On the other hand, some teams have managed to easily skirt the injury issue because they built a second unit capable of withstanding the increased demands. Look at Utah, for instance, who lost stat-sheet-filling forward Andrei Kirilenko and steady guard Gordan Giricek but responded by ripping off three straight wins last week to improve to a league-best 9–1 mark.

While no team can completely shrug off the loss of a player like AK-47, the Jazz were able to plug in Matt Harpring (quietly averaging 13.1 points on 59.3% shooting) and rookie surprise Paul Millsap (whom the Nets and Knicks both passed on twice in the draft) to contain the damage. Meanwhile the loss of Giricek — who shot 65.2% in the Jazz’s 4-0 start — was offset by solid minutes from wily vet Derek Fisher and rookie Ronnie Brewer.

Or look at the league’s other big surprise, Golden State. The Warriors’ best player a year ago was Jason Richardson, who has been decidedly mediocre thus far in 2006–07 as a result of off-season knee surgery. Richardson and forward Mickael Pietrus have each missed a game, starting power forward Troy Murphy has missed three, and backup power forward Ike Diogu has missed six.

Yet if you watch the Warriors, you wouldn’t suspect anything’s wrong. They’re 7–3 because they’ve been able to plug in talented youngsters like Monta Ellis, Andris Biedrins, and Anthony Roberson into the gaps. Heck, they don’t even play Adonal Foyle, and he’d be getting 20 minutes a night in Jersey.

Of course, the Nets and Heat aren’t the only teams that have trouble. The league’s list of casualties already is daunting — in addition the players I already mentioned, brand-name players like Kobe Bryant, Steve Nash, Pau Gasol, Kenyon Martin, Brad Miller, Josh Howard, Steve Francis, Richard Hamilton, David West, Josh Childress, Bonzi Wells, Bobby Simmons, Charlie Villanueva, Al Jefferson, Brandon Roy, Jerry Stackhouse, and Joel Pryzbilla have missed chunks of time.

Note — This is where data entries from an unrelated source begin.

Theorem lemma3p2 (R : realType) (X : normedModType R) (nH : X -> R)
  (d : measure_display) (Omega : measurableType d) (P : probability Omega R)
  (d' : measure_display) (Omega' : measurableType d') (Pbar : probability Omega' R)
  (h : R -> R) (Xe : R -> Omega -> R -> X) (xstar : X) (T L : R)
  (S : (R -> X) -> \bar R) (Phat : R -> {RV Pbar >-> R}) :
  continuous nH ->
  0 < T -> 0 < L ->
  h x @[x --> 0^'+] --> +oo ->
  Num.sqrt x * h x @[x --> 0^'+] --> 0 ->
  (forall eps, 0 < eps -> forall w, Cpath T (eta_of h Xe xstar eps w)) ->
  (forall eps, 0 < eps -> forall A, Copen T A ->
     measurable [set w | A (eta_of h Xe xstar eps w)]) ->
  MDP P h Xe xstar T S ->
  continuity_set T S [set phi | Cpath T phi /\ (exit_time nH T L phi <= T%:E)%E] ->
  (forall eps, 0 < eps ->
     Pbar.-integrable setT (EFin \o Phat eps) /\
     ('E_Pbar[Phat eps] =
       P [set w | (exit_time nH T L (eta_of h Xe xstar eps w) <= T%:E)%E])%E) ->
  (limf_esup
     (fun eps => - ((h eps ^- 2)%:E * elog (\int[Pbar]_w ((Phat eps w) ^+ 2)%:E)))
     0^'+
   <= 2%:E * ereal_inf [set S phi | phi in
        [set phi | Cpath T phi /\ phi 0%R = 0%R /\ exit_time nH T L phi = T%:E]])%E.
Proof.
(* Neither [0 < L] nor [Num.sqrt eps * h eps --> 0] is needed. *)
move=> nH_cont T0 _ h_oo _ Ceta Copen_meas mdp Econt Phat_unbiased.
have [[S_ge0 _] _] := mdp.
apply: lee_pmul_of_forall_gt => // [|r Gr].
  by apply: le_ereal_inf_tmp => _ [phi _ <-]; exact: S_ge0.
have [|phi0 [[[Cphi0 _] [_ [delta delta0 ballE]]] phi00] Sr] :=
  continuity_set_interior_lt Econt _ Gr.
  by move=> phi [Cphi [phi00 exitT]]; do !split=> //; rewrite exitT.
have ballA psi (Cpsi : Cpath T psi) (close : supclose T delta phi0 psi) :
  (exit_time nH T L psi <= T%:E)%E := (ballE psi Cpsi close).2.
have exit_meas (eps : R) (eps0 : 0 < eps) :=
  measurable_exit_event (L := L) nH_cont (Ceta eps eps0) (Copen_meas eps eps0).
have low := MDP_ball_lower_bound (ltW T0) mdp h_oo Cphi0 phi00 delta0 ballA Ceta exit_meas Sr.
have /cvgryPgt /(_ 0) h_pos := h_oo.
apply: limf_esup_le_near; near=> eps.
have eps0 : 0 < eps by near: eps; exact: nbhs_right_gt.
have [iPhat EPhat] := Phat_unbiased eps eps0.
rewrite /= leeNl -EFinN lee_elog_expR; last by rewrite exprn_gt0 //; near: eps.
apply: le_trans _ (sqr_integral_le_integral_sqr iPhat).
rewrite -expectation_def EPhat (_ : _ * _ = 2%:R * (- r * h eps ^+ 2)); last by ring.
rewrite expRM_natl EFin_expe lee_sqr ?lee_fin ?expR_ge0 ?measure_ge0 //.
by apply/ltW; near: eps.
Unshelve. all: by end_near.
Qed.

So if somebody tells you that the Nets’ struggles are because Jefferson is out, you should only agree to a point. Yes, the problem is technically that Jefferson is out, but the real problem is the failure to plan for Jefferson being out. You can’t base your plans for the season on the idea that everybody will glide through 82 games without incident, and the Nets’ incredible fortune in that department last season appears to have given them a false sense of security. If another sprained ankle or two crops up, it will prove to be their undoing.